:: Information supplied
(* For every restriction category $\mathbb{X}$, the category $\mathbf{L}[\mathbb{X}]$ with the assignment $\mathsf{L}(A,a)=(A,\mathrm{id}_A)$ and $\eta_{(A,a)}=a:(A,a)\to(A,\mathrm{id}_A)$ is a local category.
   Context: Composition is diagrammatic ($fg$ = first $f$ then $g$). A restriction category is a category $\mathbb{X}$ with an assignment to each $f:A\to B$ of $\bar f:A\to A$ such that: $\bar ff=f$; $\bar f\bar g=\bar g\bar f$ and $\bar g\bar f=\overline{\bar gf}$ for $f:A\to B$, $g:A\to C$; $f\bar g=\overline{fg}f$ for $f:A\to B$, $g:B\to C$. A restriction idempotent is $a:A\to A$ with $a=\bar a$. $\mathbf{L}[\mathbb{X}]$ is the category whose objects are pairs $(A,a)$ with $a$ a restriction idempotent on $A$, whose morphisms $f:(A,a)\to(B,b)$ are morphisms $f:A\to B$ of $\mathbb{X}$ with $\bar f=a$ and $fb=f$, with identity on $(A,a)$ given by $a$ and composition as in $\mathbb{X}$. A local category is a category $\mathbb{C}$ with, for each object $M$, an object $\mathsf{L}M$ and a morphism $\eta_M:M\to\mathsf{L}M$ such that (L.1) $\mathsf{L}\mathsf{L}M=\mathsf{L}M$ and $\eta_{\mathsf{L}M}=\mathrm{id}_{\mathsf{L}M}$; (L.2) each $\eta_M$ is monic; (L.3) for every $M$ and every morphism $f:N\to\mathsf{L}M$ a pullback of $\eta_M$ along $f$ exists, with leg $m:P\to N$, such that $\mathsf{L}P=\mathsf{L}N$ and $m\eta_N=\eta_P$. *)

From Stdlib Require Import ProofIrrelevance.

(* Categories with diagrammatic composition: comp f g = "first f then g". *)
Record Category := {
  Ob :> Type;
  Hom : Ob -> Ob -> Type;
  idm : forall A, Hom A A;
  comp : forall A B C, Hom A B -> Hom B C -> Hom A C;
  comp_id_l : forall A B (f : Hom A B), comp A A B (idm A) f = f;
  comp_id_r : forall A B (f : Hom A B), comp A B B f (idm B) = f;
  comp_assoc : forall A B C D (f : Hom A B) (g : Hom B C) (h : Hom C D),
      comp A C D (comp A B C f g) h = comp A B D f (comp B C D g h)
}.
Arguments Hom {c} _ _.
Arguments idm {c} A.
Arguments comp {c A B C} _ _.

Record RestrictionCategory := {
  rc_cat :> Category;
  rbar : forall (A B : rc_cat), Hom A B -> Hom A A;
  R1 : forall (A B : rc_cat) (f : Hom A B), comp (rbar A B f) f = f;
  R2 : forall (A B C : rc_cat) (f : Hom A B) (g : Hom A C),
      comp (rbar A B f) (rbar A C g) = comp (rbar A C g) (rbar A B f);
  R3 : forall (A B C : rc_cat) (f : Hom A B) (g : Hom A C),
      comp (rbar A C g) (rbar A B f) = rbar A B (comp (rbar A C g) f);
  R4 : forall (A B C : rc_cat) (f : Hom A B) (g : Hom B C),
      comp f (rbar B C g) = comp (rbar A C (comp f g)) f
}.
Arguments rbar {r A B} _.

Section LX.
Variable X : RestrictionCategory.

Record LOb := mkLOb { lo_obj : X; lo_idem : Hom lo_obj lo_obj;
                      lo_ridem : rbar lo_idem = lo_idem }.

Definition LHom (a b : LOb) : Type :=
  { f : Hom (lo_obj a) (lo_obj b) | rbar f = lo_idem a /\ comp f (lo_idem b) = f }.

Lemma rbar_comp_eq (A B C : X) (f : Hom A B) (g : Hom B C) (b : Hom B B) :
  rbar g = b -> comp f b = f -> rbar (comp f g) = rbar f.
Proof.
  intros Hg Hf.
  assert (E1 : comp (rbar f) (rbar (comp f g)) = rbar (comp f g)).
  { rewrite (R3 X _ _ _ (comp f g) f), <- comp_assoc, R1. reflexivity. }
  assert (E2 : comp (rbar (comp f g)) f = f).
  { rewrite <- R4, Hg, Hf. reflexivity. }
  assert (E3 : comp (rbar (comp f g)) (rbar f) = rbar f).
  { rewrite (R3 X _ _ _ f (comp f g)), E2. reflexivity. }
  rewrite <- E1, R2, E3. reflexivity.
Qed.

Definition Lid (a : LOb) : LHom a a.
Proof.
  exists (lo_idem a). split.
  - exact (lo_ridem a).
  - pattern (lo_idem a) at 1. rewrite <- (lo_ridem a). apply R1.
Defined.

Definition Lcomp {a b c : LOb} (f : LHom a b) (g : LHom b c) : LHom a c.
Proof.
  exists (comp (proj1_sig f) (proj1_sig g)). split.
  - rewrite (@rbar_comp_eq _ _ _ (proj1_sig f) (proj1_sig g) _ (proj1 (proj2_sig g))
               (proj2 (proj2_sig f))).
    exact (proj1 (proj2_sig f)).
  - rewrite comp_assoc, (proj2 (proj2_sig g)). reflexivity.
Defined.

Lemma LHom_eq (a b : LOb) (f g : LHom a b) : proj1_sig f = proj1_sig g -> f = g.
Proof.
  destruct f as [f Hf], g as [g Hg]; simpl; intros ->.
  f_equal; apply proof_irrelevance.
Qed.

Lemma Lcomp_id_l (a b : LOb) (f : LHom a b) : Lcomp (a:=a) (b:=a) (Lid a) f = f.
Proof.
  apply LHom_eq; simpl. destruct f as [f [Hf1 Hf2]]; simpl.
  rewrite <- Hf1. apply R1.
Qed.

Lemma Lcomp_id_r (a b : LOb) (f : LHom a b) : Lcomp (b:=b) f (Lid b) = f.
Proof.
  apply LHom_eq; simpl. destruct f as [f [Hf1 Hf2]]; exact Hf2.
Qed.

Lemma Lcomp_assoc (a b c d : LOb) (f : LHom a b) (g : LHom b c) (h : LHom c d) :
  Lcomp (Lcomp (b:=b) f g) h = Lcomp f (Lcomp (b:=c) g h).
Proof. apply LHom_eq; simpl. apply comp_assoc. Qed.

Definition Lcat : Category :=
  {| Ob := LOb; Hom := LHom; idm := Lid; comp := @Lcomp;
     comp_id_l := Lcomp_id_l; comp_id_r := Lcomp_id_r;
     comp_assoc := Lcomp_assoc |}.

Lemma rbar_id (A : X) : rbar (idm A) = idm A.
Proof. rewrite <- (comp_id_r _ _ _ (rbar (idm A))). apply R1. Qed.

Definition Lfun (a : LOb) : LOb := @mkLOb (lo_obj a) (idm (lo_obj a)) (rbar_id (lo_obj a)).

Definition Leta (a : LOb) : LHom a (Lfun a).
Proof.
  exists (lo_idem a). split.
  - exact (lo_ridem a).
  - simpl. apply comp_id_r.
Defined.

End LX.

Definition monic {C : Category} {A B : C} (m : Hom A B) : Prop :=
  forall (Q : C) (g h : Hom Q A), comp g m = comp h m -> g = h.

Definition is_pullback {C : Category} {P N M Z : C}
  (m : Hom P N) (p : Hom P M) (f : Hom N Z) (g : Hom M Z) : Prop :=
  comp m f = comp p g /\
  forall (Q : C) (u : Hom Q N) (v : Hom Q M), comp u f = comp v g ->
    exists! w : Hom Q P, comp w m = u /\ comp w p = v.

(* Local category (L.1)-(L.3). Object equalities are used to transport
   morphisms via eq_rect. *)
Definition is_local (C : Category) (L : C -> C) (eta : forall M : C, Hom M (L M)) : Prop :=
  (forall M : C, exists e : L (L M) = L M,
      eq_rect (L (L M)) (fun Y => Hom (L M) Y) (eta (L M)) (L M) e = idm (L M))
  /\ (forall M : C, monic (eta M))
  /\ (forall (M N : C) (f : Hom N (L M)),
        exists (P : C) (m : Hom P N) (p : Hom P M),
          is_pullback m p f (eta M) /\
          exists e : L P = L N,
            eq_rect (L P) (fun Y => Hom P Y) (eta P) (L N) e = comp m (eta N)).

(* In L[X] a morphism into (A,a) already absorbs a, so composing with
   eta_(A,a) = a changes nothing and eta is monic.  The pullback of
   eta_(A,a) along f : (N,n) -> (A,id) restricts N to the domain of f a:
   it is (N, rbar (f a)) with legs rbar (f a) and f a, and a cone (u, v)
   factors through it via u itself because rbar (u f a) = rbar v = rbar u.
   Since L forgets the idempotent, L P = L N holds on the nose. *)
From Stdlib Require Import Setoid.

Section RestrictionFacts.
Context {X : RestrictionCategory}.

Lemma rbar_comp_rbar_self {A B : X} (f : Hom A B) : comp (rbar f) (rbar f) = rbar f.
Proof. rewrite (R3 X _ _ _ f f), R1. reflexivity. Qed.

Lemma rbar_rbar {A B : X} (f : Hom A B) : rbar (rbar f) = rbar f.
Proof.
  rewrite <- (R1 X _ _ (rbar f)) at 2.
  rewrite R2, (R3 X _ _ _ (rbar f) f), rbar_comp_rbar_self. reflexivity.
Qed.

Lemma ridem_idempotent {A : X} (a : Hom A A) : rbar a = a -> comp a a = a.
Proof. intro Ha. rewrite <- Ha at 1. apply R1. Qed.

Lemma rbar_comp_ridem_comp {A B : X} (f : Hom A B) (b : Hom B B) :
  rbar b = b -> comp (rbar (comp f b)) f = comp f b.
Proof. intro Hb. rewrite <- R4, Hb. reflexivity. Qed.

Lemma rbar_comp_ridem_comp_rbar {A B : X} (f : Hom A B) (b : Hom B B) :
  rbar b = b -> comp (rbar (comp f b)) (rbar f) = rbar (comp f b).
Proof.
  intro Hb. rewrite (R3 X _ _ _ f (comp f b)), rbar_comp_ridem_comp by exact Hb.
  reflexivity.
Qed.

Lemma comp_rbar_of_rbar_comp {A B C : X} (u : Hom A B) (g : Hom B C) :
  rbar (comp u g) = rbar u -> comp u (rbar g) = u.
Proof. intro Hug. rewrite R4, Hug. apply R1. Qed.

End RestrictionFacts.

Section LocalStructure.
Context {X : RestrictionCategory}.

Lemma Leta_absorbs {Q M : LOb X} (g : LHom X Q M) :
  proj1_sig (Lcomp X g (Leta X M)) = proj1_sig g.
Proof. exact (proj2 (proj2_sig g)). Qed.

Lemma Leta_Lfun (M : LOb X) : Leta X (Lfun X M) = Lid X (Lfun X M).
Proof. apply LHom_eq. reflexivity. Qed.

Lemma Leta_monic (M : LOb X) : @monic (Lcat X) _ _ (Leta X M).
Proof.
  intros Q g h Hgh. apply LHom_eq.
  rewrite <- (Leta_absorbs g), <- (Leta_absorbs h).
  exact (f_equal (@proj1_sig _ _) Hgh).
Qed.

Context {M N : LOb X} (f : LHom X N (Lfun X M)).

Let fa := comp (proj1_sig f) (lo_idem X M).

Definition Lpb : LOb X := mkLOb X (lo_obj X N) (rbar fa) (rbar_rbar fa).

Definition Lpb_fst : LHom X Lpb N.
Proof.
  exists (rbar fa). split.
  - apply rbar_rbar.
  - simpl. rewrite <- (proj1 (proj2_sig f)).
    exact (rbar_comp_ridem_comp_rbar (proj1_sig f) _ (lo_ridem X M)).
Defined.

Definition Lpb_snd : LHom X Lpb M.
Proof.
  exists fa. split.
  - reflexivity.
  - unfold fa. rewrite comp_assoc, ridem_idempotent by exact (lo_ridem X M).
    reflexivity.
Defined.

Lemma Lpb_is_pullback : @is_pullback (Lcat X) _ _ _ _ Lpb_fst Lpb_snd f (Leta X M).
Proof.
  split.
  - apply LHom_eq; simpl. unfold fa.
    rewrite rbar_comp_ridem_comp, comp_assoc, ridem_idempotent
      by exact (lo_ridem X M).
    reflexivity.
  - intros Q u v Huv.
    assert (Huv' : comp (proj1_sig u) (proj1_sig f) = proj1_sig v)
      by (rewrite <- (Leta_absorbs v); exact (f_equal (@proj1_sig _ _) Huv)).
    assert (Hufa : comp (proj1_sig u) fa = proj1_sig v)
      by (unfold fa; rewrite <- comp_assoc, Huv'; exact (Leta_absorbs v)).
    assert (Hw : rbar (proj1_sig u) = lo_idem X Q /\
                 comp (proj1_sig u) (lo_idem X Lpb) = proj1_sig u).
    { split; [exact (proj1 (proj2_sig u)) |].
      apply comp_rbar_of_rbar_comp.
      exact (eq_trans (f_equal rbar Hufa)
               (eq_trans (proj1 (proj2_sig v)) (eq_sym (proj1 (proj2_sig u))))). }
    exists (exist _ (proj1_sig u) Hw : LHom X Q Lpb). split.
    + split; apply LHom_eq; simpl; [exact (proj2 Hw) | exact Hufa].
    + intros w [Hwu _]. apply LHom_eq. simpl.
      rewrite <- (f_equal (@proj1_sig _ _) Hwu).
      exact (proj2 (proj2_sig w)).
Qed.

Lemma Leta_Lpb : Leta X Lpb = Lcomp X Lpb_fst (Leta X N).
Proof. apply LHom_eq; simpl. exact (eq_sym (proj2 (proj2_sig Lpb_fst))). Qed.

End LocalStructure.

Theorem proposition4p3 (X : RestrictionCategory) :
  @is_local (Lcat X) (Lfun X) (Leta X).
Proof.
  split; [| split].
  - intro M. exists eq_refl. exact (Leta_Lfun M).
  - exact (@Leta_monic X).
  - intros M N f.
    exists (Lpb f), (Lpb_fst f), (Lpb_snd f).
    split; [exact (Lpb_is_pullback f) |].
    exists eq_refl. exact (Leta_Lpb f).
Qed.
(* Any enumeration between [box N] and [box (2N+1)] differs from [box N] by a tail of a
   product of two geometric series. *)
Lemma Csum_box_rearrange_cv_0 a b Ca Cb (L : nat -> list (Z * Z)) :
  dominated r Ca a -> dominated r Cb b ->
  (forall N, NoDup (L N) /\ incl (box N) (L N) /\ incl (L N) (box (2 * N + 1))) ->
  Ccv (fun N => Csum (fun p => a (fst p) * b (snd p)) (box N)
                - Csum (fun p => a (fst p) * b (snd p)) (L N))%C C0.
Proof.
  intros Ha Hb HL.
  set (w := fun p : Z * Z => (a (fst p) * b (snd p))%C).
  set (g := fun p : Z * Z => Ca * r ^ Z.abs_nat (fst p) * (Cb * r ^ Z.abs_nat (snd p))).
  assert (Hwg : forall p, norm1 (w p) <= g p).
  { intros p; eapply Rle_trans; [apply norm1_mul|].
    apply Rmult_le_compat; auto using norm1_ge0. }
  assert (Hg : forall M, Rsum g (box M) = Ca * Cb * (geom_sum r M * geom_sum r M)).
  { intros M; unfold g, box.
    rewrite (Rsum_prod (fun n => Ca * r ^ Z.abs_nat n) (fun n => Cb * r ^ Z.abs_nat n)).
    rewrite !Rsum_scal; unfold geom_sum; ring. }
  pose proof (dominated_ge0 r Ca a Ha); pose proof (dominated_ge0 r Cb b Hb).
  apply (Ccv_0_of_geometric_bound r Hr _ (Ca * Cb * (2 / (1 - r)) * (2 * ((1 + r) / (1 - r))))).
  intros N; destruct (HL N) as (Hnd & Hin & Hout).
  replace (Csum w (box N) - Csum w (L N))%C with (- (Csum w (L N) - Csum w (box N)))%C by ring.
  rewrite norm1_opp; eapply Rle_trans.
  { exact (norm1_Csum_sub_le Zpair_eq_dec w g (box N) (L N) (box (2 * N + 1))
             Hwg (NoDup_box N) Hnd (NoDup_box _) Hin Hout). }
  rewrite !Hg.
  pose proof (geom_sum_sub_bounds r Hr N (2 * N + 1) ltac:(lia)).
  pose proof (geom_sum_le r Hr N); pose proof (geom_sum_le r Hr (2 * N + 1)).
  assert (0 <= geom_sum r N) by (apply Rsum_ge0; intros; apply pow_le; lra).
  set (G1 := geom_sum r N) in *; set (G2 := geom_sum r (2 * N + 1)) in *.
  replace (Ca * Cb * (G2 * G2) - Ca * Cb * (G1 * G1)) with (Ca * Cb * ((G2 - G1) * (G2 + G1))) by ring.
  replace (Ca * Cb * (2 / (1 - r)) * (2 * ((1 + r) / (1 - r))) * r ^ N)
    with (Ca * Cb * ((2 / (1 - r) * r ^ N) * (2 * ((1 + r) / (1 - r))))) by ring.
  apply Rmult_le_compat_l; [apply Rmult_le_pos; assumption|].
  apply Rmult_le_compat; lra.
Qed.

Lemma Zsum_mul_parity_split (a b al be be' al' : Z -> Cplx) :
  summable r a -> summable r b -> summable r al -> summable r be ->
  summable r be' -> summable r al' ->
  (forall k l, a (k + l)%Z * b (k - l - 1)%Z = al k * be l)%C ->
  (forall k l, a (k + l)%Z * b (k - l)%Z = be' k * al' l)%C ->
  (Zsum a * Zsum b = Zsum al * Zsum be + Zsum be' * Zsum al')%C.
Proof.
  intros [Ca Ha] [Cb Hb] Hal Hbe Hbe' Hal' Hodd Heven.
  apply (Ccv_unique (fun N => Zpsum a N * Zpsum b N)%C).
  { apply Ccv_mul; apply (Zpsum_cv r Hr); [exists Ca | exists Cb]; assumption. }
  apply (Ccv_of_sub_0 (fun N => Zpsum al N * Zpsum be N + Zpsum be' N * Zpsum al' N)%C).
  { apply Ccv_add; apply Ccv_mul; apply (Zpsum_cv r Hr); assumption. }
  replace (fun N => Zpsum a N * Zpsum b N - (Zpsum al N * Zpsum be N + Zpsum be' N * Zpsum al' N))%C
    with (fun N => Csum (fun p => a (fst p) * b (snd p)) (box N)
                   - Csum (fun p => a (fst p) * b (snd p)) (parity_box N))%C.
  - apply (Csum_box_rearrange_cv_0 a b Ca Cb parity_box Ha Hb).
    intros N; split; [apply NoDup_parity_box|].
    split; [apply box_incl_parity_box | apply parity_box_incl_box].
  - apply functional_extensionality; intros N.
    unfold parity_box; rewrite !Zpsum_mul, Csum_app, !Csum_map.
    f_equal; f_equal; apply Csum_ext; intros [k l]; simpl; [apply Hodd | apply Heven].
Qed.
::::
> Exercise requirements
In the listing above, find the line with "k * be l)%C ->" and the line with "apply (Ccv_unique (fun"; output exactly those lines and all lines between them.

> Response to the task
  (forall k l, a (k + l)%Z * b (k - l - 1)%Z = al k * be l)%C ->
  (forall k l, a (k + l)%Z * b (k - l)%Z = be' k * al' l)%C ->
  (Zsum a * Zsum b = Zsum al * Zsum be + Zsum be' * Zsum al')%C.
Proof.
  intros [Ca Ha] [Cb Hb] Hal Hbe Hbe' Hal' Hodd Heven.
  apply (Ccv_unique (fun N => Zpsum a N * Zpsum b N)%C).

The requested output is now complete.